19 November 2017

What's your robot into?

In the Apple store yesterday, in the corner where they keep electronic learning toys and robots, I read this on a box: “Almost human”, “Cozmo doesn’t just learn - Cozmo plots and plans”, “Cozmo doesn’t just move - Cozmo gets curious and explores”. Cozmo is an $180 robot toy with image processing capabilities, expressive LED eyes, and a set of anthropomorphic behaviors. Ascribing mental states to it seems like an exaggeration - I don’t think Cozmo gets curious, just as I don’t think my phone gets hungry as its battery runs down - but what exactly does a robot or computer have to do before we can ascribe mental states to it without exaggerating? This question will get more and more relevant as AI and robotics continue to improve.

Contemporary philosophy and neuroscience offers two contradictory answers. “Functionalists” like Daniel Dennett argue that we are justified in ascribing mental states to a system whenever doing so helps us understand and predict its behavior.
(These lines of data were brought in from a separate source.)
(* Let $\Phi$ (dimension $d$) and $\Psi$ (dimension $e$) be $\mathbf t$-modules over $K$, let $\delta\in\mathrm{Der}(\Phi,\Psi)$, and let $X$ be the $\mathbf t$-module with $X_a=\begin{bmatrix}\Phi_a&0\\ \delta(a)&\Psi_a\end{bmatrix}$, giving the short exact sequence $0\to\Psi\xrightarrow{i}X\xrightarrow{\pi}\Phi\to0$ with $i=\begin{bmatrix}0\\ I_e\end{bmatrix}$, $\pi=\begin{bmatrix}I_d&0\end{bmatrix}$. Then: (i) for every $\mathbf t$-module $\Xi$ of dimension $r$ and every morphism $g:\Xi\to\Phi$ of $\mathbf t$-modules, the pullback of this sequence along $g$ exists in the category of $\mathbf t$-modules and is the $\mathbf t$-module $Y$ with $Y_a=\begin{bmatrix}\Xi_a&0\\ \delta(a)g&\Psi_a\end{bmatrix}$ (i.e. the extension given by the biderivation $\delta\cdot g$), together with the morphisms $\begin{bmatrix}I_r&0\end{bmatrix}:Y\to\Xi$ and $\begin{bmatrix}g&0\\0&I_e\end{bmatrix}:Y\to X$; (ii) for every $\mathbf t$-module $\Xi$ of dimension $r$ and every morphism $f:\Psi\to\Xi$ of $\mathbf t$-modules, the pushout of this sequence along $f$ exists in the category of $\mathbf t$-modules and is the $\mathbf t$-module $Y$ with $Y_a=\begin{bmatrix}\Phi_a&0\\ f\delta(a)&\Xi_a\end{bmatrix}$ (the extension given by the biderivation $f\cdot\delta$), together with the morphisms $\begin{bmatrix}0\\ I_r\end{bmatrix}:\Xi\to Y$ and $\begin{bmatrix}I_d&0\\0&f\end{bmatrix}:X\to Y$.
   Context: $A=\mathbb F_q[t]$, $K$ a field of characteristic $p$ with $\mathbb F_q$-algebra map $\iota:A\to K$, $\theta=\iota(t)$; $K\{\tau\}$ twisted polynomials with $\tau x=x^q\tau$. A $\mathbf t$-module of dimension $d$: $\mathbb F_q$-algebra homomorphism $\Phi:\mathbb F_q[t]\to\mathrm{Mat}_d(K\{\tau\})$ with $\Phi_t=(\theta I+N)+\sum_{i\ge1}M_i\tau^i$, $N$ nilpotent. A morphism from $\Psi$ (dim $e$) to $\Phi$ (dim $d$) is $f\in\mathrm{Mat}_{d\times e}(K\{\tau\})$ with $f\Psi_t=\Phi_tf$; composition is matrix multiplication. $\mathrm{Der}(\Phi,\Psi)$ is the space of $\mathbb F_q$-linear $\delta:\mathbb F_q[t]\to\mathrm{Mat}_{e\times d}(K\{\tau\})$ with $\delta(ab)=\Psi_a\delta(b)+\delta(a)\Phi_b$. *)

From HB Require Import structures.
From mathcomp Require Import all_boot all_order all_algebra.
Set Implicit Arguments. Unset Strict Implicit. Unset Printing Implicit Defensive.
Import GRing.Theory.
Local Open Scope ring_scope.

(* Setting: Fq a finite field with q := #|Fq| elements, K a field with an
   embedding iota0 : Fq -> K (so K is an Fq-algebra of characteristic p),
   A = {poly Fq} = Fq[t], and the Fq-algebra map iota : A -> K is the one
   extending iota0 with iota t = theta.

   Twisted polynomials K{tau}: an element sum_i a_i tau^i is represented by
   its coefficient sequence, i.e. by a {poly K} (the variable 'X playing
   the role of tau); only the *twisted* product [tmul] below is used for
   multiplication (tau x = x^q tau), addition is coefficientwise. *)

Section TModules.
Variables (Fq : finFieldType) (K : fieldType) (iota0 : {rmorphism Fq -> K})
          (theta : K).

Local Notation q := #|Fq|.

Definition tmul (P Q : {poly K}) : {poly K} :=
  \sum_(i < size P) \sum_(j < size Q) ((P`_i * Q`_j ^+ (q ^ i)) *: 'X^(i + j)).

Definition tmulmx m n p (A : 'M[{poly K}]_(m, n)) (B : 'M[{poly K}]_(n, p))
  : 'M[{poly K}]_(m, p) :=
  \matrix_(i, j) \sum_(k < n) tmul (A i k) (B k j).

Definition fqscale m n (c : Fq) (A : 'M[{poly K}]_(m, n)) : 'M[{poly K}]_(m, n) :=
  map_mx (fun P => iota0 c *: P) A.

Definition is_tmodule d (Phi : {poly Fq} -> 'M[{poly K}]_d) : Prop :=
  [/\ forall (c : Fq) (a b : {poly Fq}), Phi (c *: a + b) = fqscale c (Phi a) + Phi b,
      Phi 1 = 1%:M,
      forall a b : {poly Fq}, Phi (a * b) = tmulmx (Phi a) (Phi b) &
      exists N : 'M[K]_d, (exists k, N ^+ k = 0) /\
         map_mx (fun P : {poly K} => P`_0) (Phi 'X) = theta%:M + N].

(* f : Psi -> Phi (Psi of dim e, Phi of dim d) : f Psi_t = Phi_t f *)
Definition is_tmorph d e (Phi : {poly Fq} -> 'M[{poly K}]_d)
  (Psi : {poly Fq} -> 'M[{poly K}]_e) (f : 'M[{poly K}]_(d, e)) : Prop :=
  tmulmx f (Psi 'X) = tmulmx (Phi 'X) f.

Definition is_der d e (Phi : {poly Fq} -> 'M[{poly K}]_d)
  (Psi : {poly Fq} -> 'M[{poly K}]_e) (delta : {poly Fq} -> 'M[{poly K}]_(e, d))
  : Prop :=
  (forall (c : Fq) (a b : {poly Fq}), delta (c *: a + b) = fqscale c (delta a) + delta b)
  /\ (forall a b : {poly Fq},
        delta (a * b) = tmulmx (Psi a) (delta b) + tmulmx (delta a) (Phi b)).

Definition is_pullback dA dB dC dP
  (FA : {poly Fq} -> 'M[{poly K}]_dA) (FB : {poly Fq} -> 'M[{poly K}]_dB)
  (FC : {poly Fq} -> 'M[{poly K}]_dC) (FP : {poly Fq} -> 'M[{poly K}]_dP)
  (g : 'M[{poly K}]_(dC, dA)) (h : 'M[{poly K}]_(dC, dB))
  (p1 : 'M[{poly K}]_(dA, dP)) (p2 : 'M[{poly K}]_(dB, dP)) : Prop :=
  [/\ is_tmodule FP, is_tmorph FA FP p1, is_tmorph FB FP p2,
      tmulmx g p1 = tmulmx h p2 &
      forall dW (FW : {poly Fq} -> 'M[{poly K}]_dW)
             (u : 'M[{poly K}]_(dA, dW)) (v : 'M[{poly K}]_(dB, dW)),
        is_tmodule FW -> is_tmorph FA FW u -> is_tmorph FB FW v ->
        tmulmx g u = tmulmx h v ->
        exists! w : 'M[{poly K}]_(dP, dW),
          [/\ is_tmorph FP FW w, tmulmx p1 w = u & tmulmx p2 w = v]].

Definition is_pushout dA dB dC dP
  (FA : {poly Fq} -> 'M[{poly K}]_dA) (FB : {poly Fq} -> 'M[{poly K}]_dB)
  (FC : {poly Fq} -> 'M[{poly K}]_dC) (FP : {poly Fq} -> 'M[{poly K}]_dP)
  (g : 'M[{poly K}]_(dA, dC)) (h : 'M[{poly K}]_(dB, dC))
  (j1 : 'M[{poly K}]_(dP, dA)) (j2 : 'M[{poly K}]_(dP, dB)) : Prop :=
  [/\ is_tmodule FP, is_tmorph FP FA j1, is_tmorph FP FB j2,
      tmulmx j1 g = tmulmx j2 h &
      forall dW (FW : {poly Fq} -> 'M[{poly K}]_dW)
             (u : 'M[{poly K}]_(dW, dA)) (v : 'M[{poly K}]_(dW, dB)),
        is_tmodule FW -> is_tmorph FW FA u -> is_tmorph FW FB v ->
        tmulmx u g = tmulmx v h ->
        exists! w : 'M[{poly K}]_(dW, dP),
          [/\ is_tmorph FW FP w, tmulmx w j1 = u & tmulmx w j2 = v]].

End TModules.

Arguments tmul Fq {K} P Q.
Arguments tmulmx Fq {K m n p} A B.
Arguments is_tmorph {Fq K d e} Phi Psi f.
(* Let $k\ge1$ be an integer, let $G=(V,E)$ be an undirected graph with edges partitioned into unsafe edges $\mathscr{U}$ and safe edges $\mathscr{S}$ and with nonnegative costs $\{c_e\}_{e\in E}$, let $r\in V$, and let $F\subseteq E$ be a feasible solution for $k$-FGC. Consider the digraph $D=(V,A)$ where, for each unsafe edge $e=uv\in F\cap\mathscr{U}$, $A$ contains one bidirected pair $\{(u,v),(v,u)\}$ arising from $e$, and for each safe edge $e=uv\in F\cap\mathscr{S}$, $A$ contains $k+1$ (distinct, parallel) bidirected pairs arising from $e$; each arc is given the cost of the edge it arises from. Then $D$ contains an $r$-out $(k+1)$-arborescence of cost at most $(k+1)c(F)$.
   Context: $F\subseteq E$ is feasible for $k$-FGC if for every $X\subseteq F\cap\mathscr{U}$ with $|X|\le k$, the subgraph $(V,F\setminus X)$ is connected; $c(F)=\sum_{e\in F}c_e$. An $r$-out arborescence $(V,T)$ in $D$ is a subgraph such that the undirected version of $T$ is acyclic and for every $v\in V\setminus\{r\}$ there is a directed $r\to v$ path in $(V,T)$. An $r$-out $(k+1)$-arborescence is a subgraph $(V,T)$ of $D$ whose arc set can be partitioned into $k+1$ arc-disjoint $r$-out arborescences; its cost is the sum of the costs of its arcs. *)

From mathcomp Require Import all_boot all_order all_algebra.
Set Implicit Arguments. Unset Strict Implicit. Unset Printing Implicit Defensive.
Import Order.TTheory GRing.Theory Num.Theory.
Lemma simulate_spawn a E M Vs b :
  ~ In b (afn_conf (AActor a (aplug E (ASpawn M)) Vs)) ->
  csteps_upto (trans_conf (AActor a (aplug E (ASpawn M)) Vs))
    (trans_conf (ANu b (APar (AActor a (aplug E (ARet (AName b))) Vs) (AActor b M [])))).
Proof.
  intros Hb.
  assert (Hb' : ~ In b (cfn_conf (trans_conf (AActor a (aplug E (ASpawn M)) Vs))))
    by (intros H; apply Hb, cfn_trans_conf, H).
  simpl in Hb' |- *; unfold trans_comp in *; rewrite !tr_aplug in *; simpl in *.
  rewrite in_app_iff in Hb'.
  eexists; split.
  - apply csteps_par_r, (csteps_spawn_encoding _ _ b); tauto.
  - rewrite trans_comp_spawn.
    eapply CC_trans; [apply CC_extr; simpl; tauto | apply CC_nu].
    eapply CC_trans; [apply ccong_par_r, CC_sym, CC_assoc |].
    eapply CC_trans; [apply CC_assoc | apply ccong_par_r, CC_comm].
Qed.

Lemma simulate_send a E V b Vs M Ws :
  csteps_upto
    (trans_conf (APar (AActor a (aplug E (ASend V (AName b))) Vs) (AActor b M Ws)))
    (trans_conf (APar (AActor a (aplug E (ARet AUnit)) Vs) (AActor b M (Ws ++ [V])))).
Proof.
  simpl; unfold trans_comp; rewrite !tr_aplug, map_app; simpl.
  eapply csteps_upto_ccong; [apply ccong_par_shuffle | | apply CC_sym, ccong_par_shuffle].
  apply csteps_upto_of_csteps, rt_step, CS_par, CS_give.
Qed.

Lemma simulate_send_self a E V Vs :
  csteps_upto (trans_conf (AActor a (aplug E (ASend V (AName a))) Vs))
    (trans_conf (AActor a (aplug E (ARet AUnit)) (Vs ++ [V]))).
Proof.
  simpl; unfold trans_comp; rewrite !tr_aplug, map_app; simpl.
  eapply csteps_upto_ccong; [apply CC_comm | | apply CC_comm].
  apply csteps_upto_of_csteps, rt_step, CS_give.
Qed.

Lemma simulate_self a E Vs :
  csteps_upto (trans_conf (AActor a (aplug E ASelf) Vs))
    (trans_conf (AActor a (aplug E (ARet (AName a))) Vs)).
Proof.
  simpl; unfold trans_comp; rewrite !tr_aplug.
  apply csteps_upto_of_csteps, rt_refl.
Qed.

Lemma simulate_receive a E W Vs :
  csteps_upto (trans_conf (AActor a (aplug E AReceive) (W :: Vs)))
    (trans_conf (AActor a (aplug E (ARet W)) Vs)).
Proof.
  simpl; unfold trans_comp; rewrite !tr_aplug; simpl.
  eapply csteps_upto_ccong; [apply CC_comm | | apply CC_comm].
  apply csteps_upto_of_csteps, rt_step, CS_take.
Qed.

Lemma simulate_term a M1 M2 Vs :
  astep_t M1 M2 ->
  csteps_upto (trans_conf (AActor a M1 Vs)) (trans_conf (AActor a M2 Vs)).
Proof.
  intros H; apply csteps_upto_of_csteps, csteps_par_r, csteps_thread.
  apply trans_comp_step_t, H.
Qed.

Theorem theorem21 :
  forall (Gv : list aty) (Gn : nctx) (D : list (name * aty)) (C1 C2 : aconf),
    aty_conf Gv Gn D C1 ->
    astep C1 C2 ->
    exists Dc : cconf, csteps (trans_conf C1) Dc /\ ccong Dc (trans_conf C2).
Proof.
  intros Gv Gn D C1 C2 _ Hstep.
  change (csteps_upto (trans_conf C1) (trans_conf C2)).
  induction Hstep as [a E M Vs b Hb | a E V b Vs M Ws | a E V Vs | a E Vs | a E W Vs
                     | a M1 M2 Vs Ht | C C' D' _ IH | b C C' _ IH | C C' D' D'' HC _ IH HD].
  - apply simulate_spawn, Hb.
  - apply simulate_send.
  - apply simulate_send_self.
  - apply simulate_self.
  - apply simulate_receive.
  - apply simulate_term, Ht.
  - apply csteps_upto_par, IH.
  - apply csteps_upto_nu, IH.
  - eapply csteps_upto_ccong;
      [apply trans_conf_ccong, HC | exact IH | apply trans_conf_ccong, HD].
Qed.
Proponents of more brain-based views such as integrated information theory (IIT) argue that mental states, or at least their subjective aspect, require a degree of information integration that we currently observe only in biological brains.

IIT has the distinct advantage that it recognizes the possibility of mental states in immobile systems such as unresponsive patients and simulated brains - Dennett’s behavior-based account does not. But IIT is prone to zombies: if IIT is correct it should be possible to build robots that mimic the behavior of animals or human beings but lack subjective states simply because they use integrated circuits to process information rather than neurons. This could get confusing or downright ugly, because how should we treat a robot that expresses every sign of need, trust, pain or love, but (according to IIT) has no subjective experience whatsoever? Some might feel entirely justified in treating such robots terribly, Westworld style.

Dear philosopher friends! Am I reading this right? Does Dennett accept that his intentional stance fails spectacularly as far as unresponsive patients are concerned? Would proponents of IIT agree that their framework may become the legal defense of the sexbot industry? What does a computer or robot have to do to deserve to be treated like a mind? Do we need to be less binary about whether or not a system is in a particular mental state? Perhaps my phone can get hungry after all, in its own way, or does that cheapen the concept of hunger? What do you think?